Q: I work in a building supplies company but due to the downturn in the construction industry, there is a lot of talk in our workplace about redundancies.

I was the last employee to be taken on 2 years ago will I be the first to be made redundant? Have I enough employment service to get redundancy?

A: What you are referring to is the “Last in first out” rule. Although many people think that the “Last in first out” rule is a strict legal rule and must be followed in all circumstances, this is not actually the case.

You should first check your contract of employment or other written terms and conditions of employment. When it comes to selecting which employees are to be made redundant, an employer must, under the law, apply selection criteria that are reasonable and he must also apply those selection criteria fairly. “Last in first out” may apply in your case but not necessarily.

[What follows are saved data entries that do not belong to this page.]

(* Let $A_1,A_2,B,D\in\mathbb R^{n\times n}$ and $K,L_0,L_1,L_2,\delta>0$ satisfy: (i) $A_1+A_1^\top$, $A_2+A_2^\top$ and $B+B^\top$ are positive semidefinite; (ii) $\|A_1\|_\sigma,\|A_2\|_\sigma,\|B\|_\sigma\le L_0\le 1/106$; (iii) $D+D^\top\preceq L_1(B^\top B+A_1A_1^\top)+K\delta^2 I$; (iv) $D^\top D\preceq L_2 B^\top B$; (v) $10L_0+\frac{4L_2}{L_0^2}+5L_1\le 24/50$; (vi) $\|X-Y\|_\sigma\le\delta$ for any two $X,Y\in\{A_1,A_2,B\}$. Then $$\|I-A_1+A_2B+D\|_\sigma\le\sqrt{1+(400+K)\delta^2}.$$
   Context: $\|\cdot\|_\sigma$ is the spectral norm; for symmetric matrices $S\preceq T$ means $T-S$ is positive semidefinite. *)

From HB Require Import structures.
From mathcomp Require Import all_boot all_order all_algebra.
From mathcomp Require Import boolp classical_sets reals.
Set Implicit Arguments. Unset Strict Implicit. Unset Printing Implicit Defensive.
Import Order.TTheory GRing.Theory Num.Theory.
Local Open Scope ring_scope.
Local Open Scope classical_set_scope.

Definition vnorm (R : realType) (n : nat) (x : 'cV[R]_n) : R :=
  Num.sqrt (\sum_(i < n) x i 0 ^+ 2).

Definition specnorm (R : realType) (n : nat) (M : 'M[R]_n) : R :=
  sup [set vnorm (M *m x) | x in [set x : 'cV[R]_n | vnorm x <= 1]].

Definition psd (R : realType) (n : nat) (M : 'M[R]_n) : Prop :=
  forall x : 'cV[R]_n, 0 <= (x^T *m M *m x) 0 0.

Definition loewner_le (R : realType) (n : nat) (S T : 'M[R]_n) : Prop :=
  psd (T - S).

(* Fix x and put u = A1 x, v = A1^T x, b = B x, y = A2 b and d = D x, so that
   the image of x is x - u + y + d.  In |x - u + y + d|^2 the term |u|^2
   cancels against the part 2 <v, u> = |u + v|^2 - |u|^2 - |v|^2 of
   2 <x, y> = 2 <A2^T x, b>, which leaves |x|^2 - 2 <x, u> + |u + v|^2 - |v|^2
   plus terms that are of size delta^2 |x|^2 or are absorbed by Young's
   inequality into small multiples of |u|^2 <= 4 |u + v|^2 + 4/3 |v|^2.
   As A1 + A1^T is positive semidefinite with norm at most 2 L0,
   |u + v|^2 <= 4 L0 <x, u>, so -2 <x, u> pays for all the |u + v|^2 terms
   and -|v|^2 for the |v|^2 terms. *)

From mathcomp Require Import all_boot all_order all_algebra.
From mathcomp Require Import classical_sets reals.
From mathcomp Require Import ring lra.

Set Implicit Arguments.
Unset Strict Implicit.
Unset Printing Implicit Defensive.

Import Order.TTheory GRing.Theory Num.Theory.
Local Open Scope ring_scope.

Definition dot (R : comPzRingType) (n : nat) (a b : 'cV[R]_n) : R := (a^T *m b) 0 0.

Notation normsq a := (dot a a).

Section InnerProduct.
Variables (R : comPzRingType) (n : nat).
Implicit Types (a b c : 'cV[R]_n) (M : 'M[R]_n).

Lemma dotE a b : dot a b = \sum_(i < n) a i 0 * b i 0.
Proof. by rewrite /dot mxE; apply: eq_bigr => i _; rewrite mxE. Qed.

Lemma dotC a b : dot a b = dot b a.
Proof. by rewrite !dotE; apply: eq_bigr => i _; rewrite mulrC. Qed.

Lemma dot0l a : dot 0 a = 0.
Proof. by rewrite /dot linear0 mul0mx mxE. Qed.

Lemma dotDl a b c : dot (a + b) c = dot a c + dot b c.
Proof. by rewrite /dot linearD mulmxDl mxE. Qed.

Lemma dotNl a b : dot (- a) b = - dot a b.
Proof. by rewrite /dot linearN mulNmx mxE. Qed.

Lemma dotZl k a b : dot (k *: a) b = k * dot a b.
Proof. by rewrite /dot linearZ -scalemxAl mxE. Qed.

Lemma dotBl a b c : dot (a - b) c = dot a c - dot b c.
Proof. by rewrite dotDl dotNl. Qed.

Lemma dotDr a b c : dot a (b + c) = dot a b + dot a c.
Proof. by rewrite dotC dotDl !(dotC a). Qed.

Lemma dotNr a b : dot a (- b) = - dot a b.
Proof. by rewrite dotC dotNl dotC. Qed.

Lemma dotZr k a b : dot a (k *: b) = k * dot a b.
Proof. by rewrite dotC dotZl dotC. Qed.

Lemma dotBr a b c : dot a (b - c) = dot a b - dot a c.
Proof. by rewrite dotDr dotNr. Qed.

Lemma normsqN a : normsq (- a) = normsq a.
Proof. by rewrite dotNl dotNr opprK. Qed.

Lemma normsqD a b : normsq (a + b) = normsq a + 2 * dot a b + normsq b.
Proof. by rewrite dotDl !dotDr (dotC b a); ring. Qed.

Lemma dot_mulmxl M a b : dot (M *m a) b = dot a (M^T *m b).
Proof. by rewrite /dot trmx_mul mulmxA. Qed.

Lemma dot_mulmxr M a b : dot a (M *m b) = dot (M^T *m a) b.
Proof. by rewrite dot_mulmxl trmxK. Qed.

Lemma dot_mulmx_addtr M a : dot a ((M + M^T) *m a) = 2 * dot a (M *m a).
Proof.
by rewrite mulmxDl dotDr (dot_mulmxr M^T) trmxK (dotC _ a) -mulr2n mulr_natl.
Qed.

Lemma dot_mulmx_gram M a : dot a ((M^T *m M) *m a) = normsq (M *m a).
Proof. by rewrite -mulmxA dot_mulmxr trmxK. Qed.

End InnerProduct.

Section RealInnerProduct.
Variables (R : realFieldType) (n : nat).
Implicit Types a b : 'cV[R]_n.

Lemma normsq_ge0 a : 0 <= normsq a.
Proof. by rewrite dotE sumr_ge0 // => i _; rewrite -expr2 sqr_ge0. Qed.

Lemma normsq_eq0 a : (normsq a == 0) = (a == 0).
Proof.
apply/idP/eqP => [|->]; last by rewrite dot0l.
rewrite dotE psumr_eq0 => [/allP a0|i _]; last by rewrite -expr2 sqr_ge0.
apply/matrixP => i j; rewrite ord1 mxE.
by have /implyP/(_ isT) := a0 i (mem_index_enum i); rewrite mulf_eq0 orbb => /eqP.
Qed.

Lemma dot_young k a b : 0 < k -> 2 * dot a b <= k * normsq a + normsq b / k.
Proof.
move=> k_gt0; have := normsq_ge0 (k *: a - b).
rewrite dotBl !dotBr !dotZl !dotZr (dotC b) => h.
have kK : k * (normsq b / k) = normsq b by rewrite mulrCA divff ?gt_eqF ?mulr1.
by rewrite -(ler_pM2l k_gt0) mulrDr kK; lra.
Qed.

Lemma normsqD_le k a b : 0 < k ->
  normsq (a + b) <= (1 + k) * normsq a + (1 + k^-1) * normsq b.
Proof. by move=> k_gt0; have := dot_young a b k_gt0; rewrite normsqD; lra. Qed.

End RealInnerProduct.

Section SpectralNorm.
Variables (R : realType) (n : nat).
Implicit Types (x : 'cV[R]_n) (M : 'M[R]_n).

Lemma vnormE x : vnorm x = Num.sqrt (normsq x).
Proof.
by rewrite /vnorm dotE; congr Num.sqrt; apply: eq_bigr => i _; rewrite expr2.
Qed.

Lemma vnorm_le1 x : (vnorm x <= 1) = (normsq x <= 1).
Proof. by rewrite vnormE -{1}sqrtr1 ler_sqrt. Qed.

Lemma specnorm_has_sup M :
  has_sup [set vnorm (M *m x) | x in [set x | vnorm x <= 1]].
Proof.
split; first by exists (vnorm (M *m 0)), 0 => //=; rewrite vnorm_le1 dot0l ler01.
exists (Num.sqrt (\sum_i (\sum_j `|M i j|) ^+ 2)) => _ [x /= + <-].
rewrite vnorm_le1 => x1; rewrite /vnorm ler_sqrt; last first.
  by apply: sumr_ge0 => i _; apply: sqr_ge0.
have xj1 j : `|x j 0| <= 1.
  rewrite -(expr_le1 (n := 2)) // real_normK ?num_real //; apply: le_trans x1.
  rewrite dotE (bigD1 j) //= -expr2 lerDl.
  by apply: sumr_ge0 => k _; rewrite -expr2 sqr_ge0.
apply: ler_sum => i _.
rewrite -real_normK ?num_real // ler_sqr ?nnegrE ?sumr_ge0 //.
rewrite mxE; apply: le_trans (ler_norm_sum _ _ _) _; apply: ler_sum => j _.
by rewrite normrM ler_piMr.
Qed.

Lemma vnorm_mulmx_le M x : vnorm x <= 1 -> vnorm (M *m x) <= specnorm M.
Proof. by move=> x1; apply: sup_upper_bound (specnorm_has_sup M) _ _; exists x. Qed.

Lemma specnorm_ge0 M : 0 <= specnorm M.
Proof.
have v01 : vnorm (0 : 'cV[R]_n) <= 1 by rewrite vnorm_le1 dot0l ler01.
exact: le_trans (sqrtr_ge0 _) (vnorm_mulmx_le M v01).
Qed.

Lemma normsq_mulmx_le M L x :
  specnorm M <= L -> normsq (M *m x) <= L ^+ 2 * normsq x.
Proof.
move=> ML; have L_ge0 := le_trans (specnorm_ge0 M) ML.
have [->|x_neq0] := eqVneq x 0; first by rewrite mulmx0 dot0l mulr0.
have t_gt0 : 0 < normsq x by rewrite lt_def normsq_eq0 x_neq0 normsq_ge0.
pose k := (Num.sqrt (normsq x))^-1.
have k2 : k ^+ 2 = (normsq x)^-1 by rewrite exprVn sqr_sqrtr // ltW.
have x1 : vnorm (k *: x) <= 1.
  by rewrite vnorm_le1 dotZl dotZr mulrA -expr2 k2 mulVf ?gt_eqF.
have := le_trans (vnorm_mulmx_le M x1) ML.
rewrite -scalemxAr vnormE dotZl dotZr mulrA -expr2 k2.
rewrite -[L in _ <= L](ger0_norm L_ge0) -sqrtr_sqr ler_sqrt ?sqr_ge0 //.
by rewrite mulrC ler_pdivrMr // mulrC.
Qed.

Lemma normsq_trmx_mulmx_le M L x : 0 < L ->
  specnorm M <= L -> normsq (M^T *m x) <= L ^+ 2 * normsq x.
Proof.
move=> L_gt0 ML; set g := normsq (M^T *m x).
have h1 := dot_young x (M *m (M^T *m x)) (exprn_gt0 2 L_gt0).
have h2 : normsq (M *m (M^T *m x)) / L ^+ 2 <= g.
  by rewrite ler_pdivrMr ?exprn_gt0 // mulrC; apply: normsq_mulmx_le.
by rewrite dot_mulmxr -/g in h1; lra.
Qed.

Lemma specnorm_le_sqrt M c : 0 <= c ->
  (forall x, normsq (M *m x) <= c * normsq x) -> specnorm M <= Num.sqrt c.
Proof.
move=> c_ge0 Mc; apply: ge_sup.
  by exists (vnorm (M *m 0)), 0 => //=; rewrite vnorm_le1 dot0l ler01.
move=> _ [x /= + <-]; rewrite vnorm_le1 vnormE ler_sqrt // => x1.
by apply: le_trans (Mc x) _; rewrite ler_piMr.
Qed.

End SpectralNorm.

Section Semidefinite.
Variables (R : realType) (n : nat).
Implicit Types (x : 'cV[R]_n) (A B D M Q S T : 'M[R]_n).

Lemma psd_dot_ge0 M x : psd M -> 0 <= dot x (M *m x).
Proof. by move/(_ x); rewrite -mulmxA. Qed.

Lemma loewner_le_dot S T x : loewner_le S T -> dot x (S *m x) <= dot x (T *m x).
Proof. by move/(psd_dot_ge0 x); rewrite mulmxBl dotBr subr_ge0. Qed.

Lemma psd_addtr_dot_ge0 A x : psd (A + A^T) -> 0 <= dot x (A *m x).
Proof. by move/(psd_dot_ge0 x); rewrite dot_mulmx_addtr pmulr_rge0. Qed.

(* Equivalently c Q - Q^2 is positive semidefinite; test Q against c x - Q x. *)
Lemma sym_psd_normsq_le Q c x : 0 < c -> Q^T = Q -> psd Q ->
    (forall z, normsq (Q *m z) <= c ^+ 2 * normsq z) ->
  normsq (Q *m x) <= c * dot x (Q *m x).
Proof.
move=> c_gt0 QT hQ Qc; set g := normsq (Q *m x).
have QQx : dot x (Q *m (Q *m x)) = g by rewrite dot_mulmxr QT.
have h0 := psd_dot_ge0 (c *: x - Q *m x) hQ.
rewrite mulmxBr -scalemxAr dotBl !dotBr !dotZl !dotZr QQx -/g in h0.
have h1 := dot_young (Q *m x) (Q *m (Q *m x)) c_gt0.
have h2 : normsq (Q *m (Q *m x)) / c <= c * g.
  by rewrite ler_pdivrMr // mulrAC -expr2 Qc.
by rewrite -(ler_pM2l c_gt0); rewrite -/g in h1; lra.
Qed.

Lemma normsq_mulmx_addtr_le A L x : 0 < L -> psd (A + A^T) -> specnorm A <= L ->
  normsq ((A + A^T) *m x) <= 4 * L * dot x (A *m x).
Proof.
move=> L_gt0 hA AL.
have AAT_le z : normsq ((A + A^T) *m z) <= (2 * L) ^+ 2 * normsq z.
  rewrite mulmxDl; have := normsqD_le (A *m z) (A^T *m z) ltr01.
  have := normsq_mulmx_le z AL; have := normsq_trmx_mulmx_le z L_gt0 AL.
  rewrite invr1 exprMn; lra.
have sym : (A + A^T)^T = A + A^T by rewrite linearD /= trmxK addrC.
have := sym_psd_normsq_le x (mulr_gt0 (ltr0Sn _ 1) L_gt0) sym hA AAT_le.
by rewrite dot_mulmx_addtr; lra.
Qed.

Lemma loewner_addtr_dot_le A B D L c x :
    loewner_le (D + D^T) (L *: (B^T *m B + A *m A^T) + c%:M) ->
  2 * dot x (D *m x) <= L * (normsq (B *m x) + normsq (A^T *m x)) + c * normsq x.
Proof.
have AAT : A *m A^T = A^T^T *m A^T by rewrite trmxK.
rewrite AAT => /(loewner_le_dot x).
rewrite dot_mulmx_addtr mulmxDl -scalemxAl mul_scalar_mx.
by rewrite dotDr !dotZr mulmxDl dotDr !dot_mulmx_gram.
Qed.

Lemma loewner_gram_normsq_le B D L x :
    loewner_le (D^T *m D) (L *: (B^T *m B)) ->
  normsq (D *m x) <= L * normsq (B *m x).
Proof. by move/(loewner_le_dot x); rewrite -scalemxAl dotZr !dot_mulmx_gram. Qed.

End Semidefinite.

(* The vectors play the roles of the header, with w = A2^T x; the
   denominators 25, 10000 and 10 are the bounds on 4 L0, on L0^2 and L2, and
   on L1 from lemma13_parameter_bounds. *)
Lemma normsq_update_le (R : realFieldType) (n : nat) (x u v w b y d : 'cV[R]_n)
    (E F : R) :
    0 <= dot x u -> normsq (u + v) <= dot x u / 25 ->
    normsq (b - u) <= E -> normsq (w - v) <= E ->
    dot x y = dot w b ->
    normsq y <= normsq b / 10000 -> normsq d <= normsq b / 10000 ->
    2 * dot x d <= (normsq b + normsq v) / 10 + F ->
  normsq (x - u + y + d) <= normsq x + 400 * E + F.
Proof.
move=> xu_ge0 uv_le bu_le wv_le xy_eq y_le d_le xd_le.
have expand : normsq (x - u + y + d) =
    normsq x - 2 * dot x u + normsq u + 2 * dot x y + 2 * dot x d
    - 2 * dot u y - 2 * dot u d + normsq y + 2 * dot y d + normsq d.
  by rewrite -addrA !normsqD normsqN dotDl !dotDr !dotNl dotNr; ring.
have xy_split : dot x y = dot v u + dot (b - u) v + dot (w - v) b.
  by rewrite xy_eq !dotBl (dotC v b) (dotC u v); ring.
have vu_eq : 2 * dot v u = normsq (u + v) - normsq u - normsq v.
  by rewrite normsqD (dotC u v); ring.
have b_le : normsq b <= 2 * normsq u + 2 * E.
  have := normsqD_le u (b - u) ltr01; rewrite addrC subrK invr1; lra.
have u_le : normsq u <= 4 * normsq (u + v) + 4 / 3 * normsq v.
  have := normsqD_le (u + v) (- v) (ltr0Sn _ 2); rewrite addrK normsqN; lra.
have := dot_young (b - u) v (ltr0Sn _ 9).
have := dot_young (w - v) b (ltr0Sn _ 9).
have := dot_young y (- u) (ltr0Sn _ 19).
have := dot_young d (- u) (ltr0Sn _ 19).
have := dot_young y d ltr01.
have := normsq_ge0 v; have := normsq_ge0 (b - u).
rewrite !normsqN !dotNr (dotC y u) (dotC d u) expand xy_split; lra.
Qed.

Lemma lemma13_parameter_bounds (R : realFieldType) (L0 L1 L2 : R) :
    0 < L0 -> 0 < L1 -> 0 < L2 -> L0 <= 1 / 106%:R ->
    10%:R * L0 + 4%:R * L2 / L0 ^+ 2 + 5%:R * L1 <= 24%:R / 50%:R ->
  [/\ 4 * L0 <= 25^-1, L0 ^+ 2 <= 10000^-1, L2 <= 10000^-1 & L1 <= 10^-1].
Proof.
move=> L0_gt0 L1_gt0 L2_gt0 L0_le hv.
have L0sq_gt0 : 0 < L0 ^+ 2 := exprn_gt0 2 L0_gt0.
have L0sq_le : L0 ^+ 2 <= 1 / 11236.
  have := ler_pM (ltW L0_gt0) (ltW L0_gt0) L0_le L0_le; rewrite -expr2; lra.
have L2_le : 4 * L2 <= 24 / 50 * L0 ^+ 2 by rewrite -ler_pdivrMr //; lra.
have : 0 <= 4%:R * L2 / L0 ^+ 2 by rewrite divr_ge0 ?mulr_ge0 // ltW.
split; lra.
Qed.

Theorem lemma13 (R : realType) (n : nat) (A1 A2 B D : 'M[R]_n)
  (K L0 L1 L2 delta : R)
  (hK : 0 < K) (hL0 : 0 < L0) (hL1 : 0 < L1) (hL2 : 0 < L2) (hdelta : 0 < delta)
  (hA1 : psd (A1 + A1^T)) (hA2 : psd (A2 + A2^T)) (hB : psd (B + B^T))
  (nA1 : specnorm A1 <= L0) (nA2 : specnorm A2 <= L0) (nB : specnorm B <= L0)
  (hL0small : L0 <= 1 / 106%:R)
  (hD1 : loewner_le (D + D^T)
           (L1 *: (B^T *m B + A1 *m A1^T) + (K * delta ^+ 2)%:M))
  (hD2 : loewner_le (D^T *m D) (L2 *: (B^T *m B)))
  (hv : 10%:R * L0 + 4%:R * L2 / L0 ^+ 2 + 5%:R * L1 <= 24%:R / 50%:R)
  (h12 : specnorm (A1 - A2) <= delta) (h21 : specnorm (A2 - A1) <= delta)
  (h1B : specnorm (A1 - B) <= delta) (hB1 : specnorm (B - A1) <= delta)
  (h2B : specnorm (A2 - B) <= delta) (hB2 : specnorm (B - A2) <= delta) :
  specnorm (1%:M - A1 + A2 *m B + D)
    <= Num.sqrt (1 + (400%:R + K) * delta ^+ 2).
Proof.
have [L0_le L0sq_le L2_le L1_le] :=
  lemma13_parameter_bounds hL0 hL1 hL2 hL0small hv.
have c_ge0 : 0 <= 1 + (400%:R + K) * delta ^+ 2.
  by rewrite addr_ge0 // mulr_ge0 ?sqr_ge0 // addr_ge0 // ltW.
apply: specnorm_le_sqrt => // x.
have Bx_ge0 := normsq_ge0 (B *m x); have A1x_ge0 := psd_addtr_dot_ge0 x hA1.
have -> : (1%:M - A1 + A2 *m B + D) *m x = x - A1 *m x + A2 *m (B *m x) + D *m x.
  by rewrite !mulmxDl mulNmx mul1mx mulmxA.
have -> : (1 + (400%:R + K) * delta ^+ 2) * normsq x =
    normsq x + 400 * (delta ^+ 2 * normsq x) + K * delta ^+ 2 * normsq x by ring.
apply: (normsq_update_le (v := A1^T *m x) (w := A2^T *m x) (b := B *m x)) => //.
- rewrite -mulmxDl; apply: le_trans (normsq_mulmx_addtr_le x hL0 hA1 nA1) _.
  by rewrite mulrC ler_wpM2l.
- by rewrite -mulmxBl; apply: normsq_mulmx_le.
- have -> : A2^T *m x - A1^T *m x = (A2 - A1)^T *m x by rewrite linearB mulmxBl.
  exact: normsq_trmx_mulmx_le.
- exact: dot_mulmxr.
- by apply: le_trans (normsq_mulmx_le _ nA2) _; rewrite mulrC ler_wpM2l.
- by apply: le_trans (loewner_gram_normsq_le x hD2) _; rewrite mulrC ler_wpM2l.
- apply: le_trans (loewner_addtr_dot_le x hD1) _.
  by rewrite lerD2r mulrC ler_wpM2l ?addr_ge0 ?normsq_ge0.
Qed.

If your contract of employment sets out what criteria are to be used in making a selection for redundancy then your employer should follow this criteria. For example your contract may well state that the employer will follow the rule of “Last in first out” but not all contracts of employment have this included, so it is important to check.

Alternatively, if your contract does not state “Last in first out” but the custom and practice in your workplace has been to apply this criteria in the past then again your employer should follow the rule. It will be for your employer to prove that the rule applies and that he has followed procedures fairly. If the rule applies and your employer does not follow it or if the procedures which do apply have not been followed by him then you can bring a claim for unfair dismissal.

There are certain legal rules which apply regarding how much employment service you must have to be eligible for redundancy payments. To be eligible for redundancy payments, you must have worked continuously for your employer for at least 2 years. The other criteria are that you must be 16 years or older (there is no upper age limit) and you must be in “insurable” employment under Social Welfare law (this is a very broad category of different types of jobs and covers virtually all types of paid work).

In deciding whether you have been in “continuous employment” for 2 years the law says that certain types of absences from work will not break the continuity of your employment. These are absences due to such things as taking maternity or parental leave, absence due to illness, holidays and so on. So if you were absent from work for some time due to say, an illness, this will not affect your eligibility for redundancy payments.

As with any dismissal, your employer must act reasonably when dismissing any employees in a redundancy situation. Your employer should consult with you before making the final decision and he should consider all options. This could include offering you alternative work.

As far as notice of redundancy is concerned, you are entitled to a minimum of 2 weeks’ notice of redundancy and this period goes up depending on the period of service. For example somebody with over 15 years’ service is entitled to 8 weeks notice.

If you are being made redundant then you are also entitled to paid time off work to look for a new job. This time off should be reasonable.